Длинные столы, сбитые из грубых досок, буквально стонали под тяжестью различных яств: зажаренных до хрустящей золотистой корочки туш кабанов; гигантских лососей, запеченных в глине с травами, и гор окороков, от которых тянуло дымком и можжевельником. Там же присутствовали большие деревянные плошки с редисом и репой — к ним, в основном, охотно прикасались женщины. Мужчины же старались набираться звериной мощи, поглощая сочное мясо и горячий жир, будто чувствовали, что вскоре им предстоят трудные испытания.

В воздухе витали карамельные нотки: перебродивший мед, терпкое пиво и тепло от сотни накаленных тел — все это сахаром рассыпалось по залу.

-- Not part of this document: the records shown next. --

(* Assume $\Gamma^{orb}$ is a bamboo with nodes $n_1,\dots,n_k$ in order along it. Let $\alpha\in\mathbb R_{\ge0}\langle\mathfrak v_1,\dots,\mathfrak v_k\rangle\cap\mathbb Z\langle\pi_{\mathcal N}(E_v^* )\rangle_{v\in\mathcal V}$, let $\lambda_1,\lambda_k>0$, and let $$\varphi(\mathbf t_{\mathcal N})=\frac{\mathbf t_{\mathcal N}^{\alpha}}{(1-\mathbf t_{\mathcal N}^{\lambda_1\mathfrak v_1})(1-\mathbf t_{\mathcal N}^{\lambda_k\mathfrak v_k})}.$$ Let $\varphi=\varphi^++\varphi^{neg}$ be the unique decomposition where $\varphi^+$ is a finite sum of monomials with exponents $\beta\not<0$ and $\varphi^{neg}=R/((1-\mathbf t_{\mathcal N}^{\lambda_1\mathfrak v_1})(1-\mathbf t_{\mathcal N}^{\lambda_k\mathfrak v_k}))$ has negative degree in every $t_n$. Then every exponent $\beta$ of a monomial of $\varphi^+$ (with nonzero coefficient) satisfies $\mathfrak s(\beta)=1$.
   Context: $\Gamma$ is a connected negative definite plumbing graph which is a tree with all genera $0$; $\mathcal V$ vertices, $\delta_v$ valencies, $\mathcal N=\{v:\delta_v\ge3\}$ the nodes. $L=\bigoplus\mathbb ZE_v$ with the intersection form, $E_v^*\in L\otimes\mathbb Q$ defined by $(E^*_v,E_w)=-\delta_{vw}$. $\pi_{\mathcal N}$ is the projection of $L\otimes\mathbb R$ onto $\bigoplus_{n\in\mathcal N}\mathbb R E_n$ forgetting non-node coordinates; $\mathfrak v_i:=\pi_{\mathcal N}(E^*_{n_i})=\sum_{\ell}-(E^*_{n_i},E^*_{n_\ell})E_{n_\ell}$, which has all coordinates positive. For $x=\sum_n x_nE_n$ put $\mathbf t_{\mathcal N}^x=\prod_n t_n^{x_n}$. $\beta<0$ means all coordinates negative; $\beta\not<0$ otherwise. A rational function $R/D$, $D=(1-\mathbf t_{\mathcal N}^{\lambda_1\mathfrak v_1})(1-\mathbf t_{\mathcal N}^{\lambda_k\mathfrak v_k})$, has negative degree in $t_n$ if each monomial of $R$ has $t_n$-exponent smaller than that of $\mathbf t_{\mathcal N}^{\lambda_1\mathfrak v_1+\lambda_k\mathfrak v_k}$. Orbifold graph $\Gamma^{orb}$: vertex set $\mathcal N$, $n,n'$ adjacent iff the path between them in $\Gamma$ has only valency-$2$ interior vertices; it is a bamboo if it has no vertex of valency $\ge3$. Multiplicity: choose $n_0\in\mathcal N$, orient the edges of $\Gamma^{orb}$ toward $n_0$, write $n>n'$ if an edge is oriented from $n$ to $n'$; $\mathfrak s_n(\beta)=1$ if $\beta_n\ge0$ and $0$ otherwise; $\mathfrak s_{n>n'}(\beta)=1$ if $\beta_n\ge0$ and $\beta_{n'}<0$ and $0$ otherwise; $\mathfrak s(\beta)=\mathfrak s_{n_0}(\beta)+\sum_{n>n'}\mathfrak s_{n>n'}(\beta)$ (independent of $n_0$). *)

From HB Require Import structures.
From mathcomp Require Import all_boot all_order all_algebra.
Set Implicit Arguments. Unset Strict Implicit. Unset Printing Implicit Defensive.
Import Order.TTheory GRing.Theory Num.Theory.
Local Open Scope ring_scope.

(* Vertices of Gamma are 'I_m; adjacency is a relation e : rel 'I_m;
   Euler numbers (self-intersections) are b : 'I_m -> int; all genera are 0. *)

Definition valency (m : nat) (e : rel 'I_m) (v : 'I_m) : nat :=
  #|[pred w | e v w]|.

(* simple graph which is a tree: symmetric, irreflexive, connected,
   with |edges| = |V| - 1 (each edge counted twice as ordered pair) *)
Definition is_tree (m : nat) (e : rel 'I_m) : Prop :=
  [/\ symmetric e, irreflexive e, (forall v w, connect e v w) &
      #|[pred p : 'I_m * 'I_m | e p.1 p.2]| = (2 * m.-1)%N].

Definition inter_mx (R : realFieldType) (m : nat) (e : rel 'I_m)
  (b : 'I_m -> int) : 'M[R]_m :=
  \matrix_(i, j) (if i == j then (b i)%:~R else if e i j then 1 else 0).

Definition neg_def (R : realFieldType) (m : nat) (M : 'M[R]_m) : Prop :=
  forall x : 'rV[R]_m, x != 0 -> (x *m M *m x^T) 0 0 < 0.

(* coordinates of E*_v: (E*_v, E_w) = - delta_{vw}, i.e. E*_v *m I = - e_v *)
Definition Estar (R : realFieldType) (m : nat) (e : rel 'I_m)
  (b : 'I_m -> int) (v : 'I_m) : 'rV[R]_m :=
  - (delta_mx 0 v *m invmx (inter_mx R e b)).

Definition projN (R : realFieldType) (m k : nat) (node : 'I_k -> 'I_m)
  (x : 'rV[R]_m) : 'rV[R]_k := \row_i x 0 (node i).

Definition vfrak (R : realFieldType) (m k : nat) (e : rel 'I_m)
  (b : 'I_m -> int) (node : 'I_k -> 'I_m) (i : 'I_k) : 'rV[R]_k :=
  projN node (Estar R e b (node i)).

(* adjacency in the orbifold graph: the (unique) path in Gamma from n to n'
   has only valency-2 interior vertices *)
Definition orb_adj (m : nat) (e : rel 'I_m) (n n' : 'I_m) : Prop :=
  exists p : seq 'I_m,
    [&& path e n (rcons p n'), uniq (n :: rcons p n')
      & all (fun v => valency e v == 2%N) p].

(* a finite formal sum of monomials c * t^beta, beta in R^N *)
Definition lpoly (R : realFieldType) (k : nat) := seq (int * 'rV[R]_k).

Definition lcoef (R : realFieldType) (k : nat) (p : lpoly R k)
  (beta : 'rV[R]_k) : int :=
  \sum_(a <- p | a.2 == beta) a.1.

Definition lmul (R : realFieldType) (k : nat) (p q : lpoly R k) : lpoly R k :=
  [seq (a.1 * c.1, a.2 + c.2) | a <- p, c <- q].

Definition lmono (R : realFieldType) (k : nat) (x : 'rV[R]_k) : lpoly R k :=
  [:: (1, x)].

Definition lden (R : realFieldType) (k : nat) (u w : 'rV[R]_k) : lpoly R k :=
  lmul [:: (1, 0); (-1, u)] [:: (1, 0); (-1, w)].

Definition negv (R : realFieldType) (k : nat) (beta : 'rV[R]_k) : bool :=
  [forall i, beta 0 i < 0].

(* phi = t^alpha / D decomposes as phip + Rp / D, where phip has only
   exponents beta not< 0 and Rp has negative degree in every t_n, i.e.
   every monomial of Rp has t_n-exponent < that of t^{u+w}.
   The identity of rational functions is stated after clearing D. *)
Definition is_decomp (R : realFieldType) (k : nat) (alpha u w : 'rV[R]_k)
  (phip Rp : lpoly R k) : Prop :=
  [/\ (forall beta, lcoef phip beta != 0 -> ~~ negv beta),
      (forall beta, lcoef Rp beta != 0 -> forall i, beta 0 i < (u + w) 0 i) &
      (forall beta, lcoef (lmono alpha) beta
                    = lcoef (lmul phip (lden u w) ++ Rp) beta)].

(* nodes indexed 0..k; edges {i, i+1}; root j; edges oriented toward j. *)
Definition scoord (R : realFieldType) (k : nat) (beta : 'rV[R]_k.+1) (i : nat) : R :=
  beta 0 (inord i).

Definition smult (R : realFieldType) (k : nat) (beta : 'rV[R]_k.+1)
  (j : 'I_k.+1) : nat :=
  addn (nat_of_bool (0 <= beta 0 j)%R)
  (\sum_(i < k)
     (if (i.+1 <= j)%N
      then nat_of_bool ((0 <= scoord beta i)%R && (scoord beta i.+1 < 0)%R)
      else nat_of_bool ((0 <= scoord beta i.+1)%R && (scoord beta i < 0)%R))).

From HB Require Import structures.
From mathcomp Require Import all_boot all_order all_algebra.
From mathcomp Require Import zify ring.
Set Implicit Arguments. Unset Strict Implicit. Unset Printing Implicit Defensive.
Import Order.TTheory GRing.Theory Num.Theory.

(* A monomial t^beta of phi^+ has beta = alpha - (a+1) l1 v_1 - (b+1) lk v_k
   for some a, b >= 0.  Indeed, comparing the coefficients of t^(beta + u + w),
   u = l1 v_1, w = lk v_k, in t^alpha = phi^+ D + R shows that either
   beta + u + w = alpha or one of t^(beta + u + w), t^(beta + u), t^(beta + w)
   again occurs in phi^+: otherwise R would carry the coefficient of
   t^(beta + u + w), forcing beta < 0.  A descending induction on the total
   degree concludes.
   Consequently beta is the node part of X = sum_i c_i E*_(n_i) - A E*_(n_1)
   - B E*_(n_k), and (X, E_v) <= 0 at every vertex v except n_1 and n_k.  By
   the minimum principle for the negative definite intersection form, every
   connected region of Gamma on which X < 0 contains n_1 or n_k, so along the
   bamboo the nodes with beta_n >= 0 form an interval, nonempty as beta is not
   < 0.  For such beta, s(beta) counts exactly one of: the root lying in the
   interval, or the unique edge leaving the interval towards the root. *)

Ltac nat_cases := repeat match goal with
  | |- context[?a <= ?b] => case: (leqP a b) => ?
  | |- context[?a == ?b] => case: (eqVneq a b) => ?
  end; simpl; lia.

Я сидел на почетном месте, по правую руку от Бьёрна, и чувствовал на себе тяжесть множества взглядов — любопытных, завистливых, враждебных. Слева от конунга восседал Лейф. Его молчаливая и напряженная мощь была красноречивее любых речей. Эйвинд устроился рядом со мной. Его хищные и веселые глаза выискивали в толпе самых складных и ядреных девиц. И судя по его довольной морде, он мысленно раздел каждую…

Бьёрн поднял свой массивный рог, и бурлящая праздность на миг успокоилась.

— Давайте выпьем за гостей! — прогремел он. — За Лейфа, сына Ульрика Старого, чья дружба для нас дороже западного серебра и южного шелка! И за Рюрика, чья голова, как я погляжу, полна не только песен, но и дельных мыслей! Он справился! Они приплыли к нам сквозь шторма и предательские козни недругов! И пусть теперь скальды сложат об их пути добрые песни, чтобы и потомки запомнили это великое приключение!

Седые бородатые мужики тронули струны и затянули торжественную вису, но я их не слушал. Мой взгляд скользил по лицам хёвдингов. Сигурда среди них не было, но его ядовитая тень, казалось, витала в дымном воздухе и отравляла мне все веселье. Я поймал взгляд Астрид. Она сидела рядом с Ингвильд. В ее синих бездонных глазах читалась тревога, которую она неумело скрывала под маской спокойного достоинства…

Когда последние аккорды песни смолкли, Бьёрн поднял кубок и приказал всем продолжать веселиться. Зал зашумел новой волной гомона и смеха, а конунг повернулся ко мне.

— Ну что, Рюрик? Альфборг позади. Говори, что видел. Говори как есть, без прикрас…

Я отхлебнул темного меда, давая себе секунду, чтобы собрать мысли в кулак.

— Земля как земля, конунг… Есть болезни, есть междоусобицы. Ярл Ульрик хоть и стар, но умен и проницателен. Его сын, Лейф — честный и верный своему слову воин. Он и его люди нам сильно помогли по дороге домой. Прошу это учесть.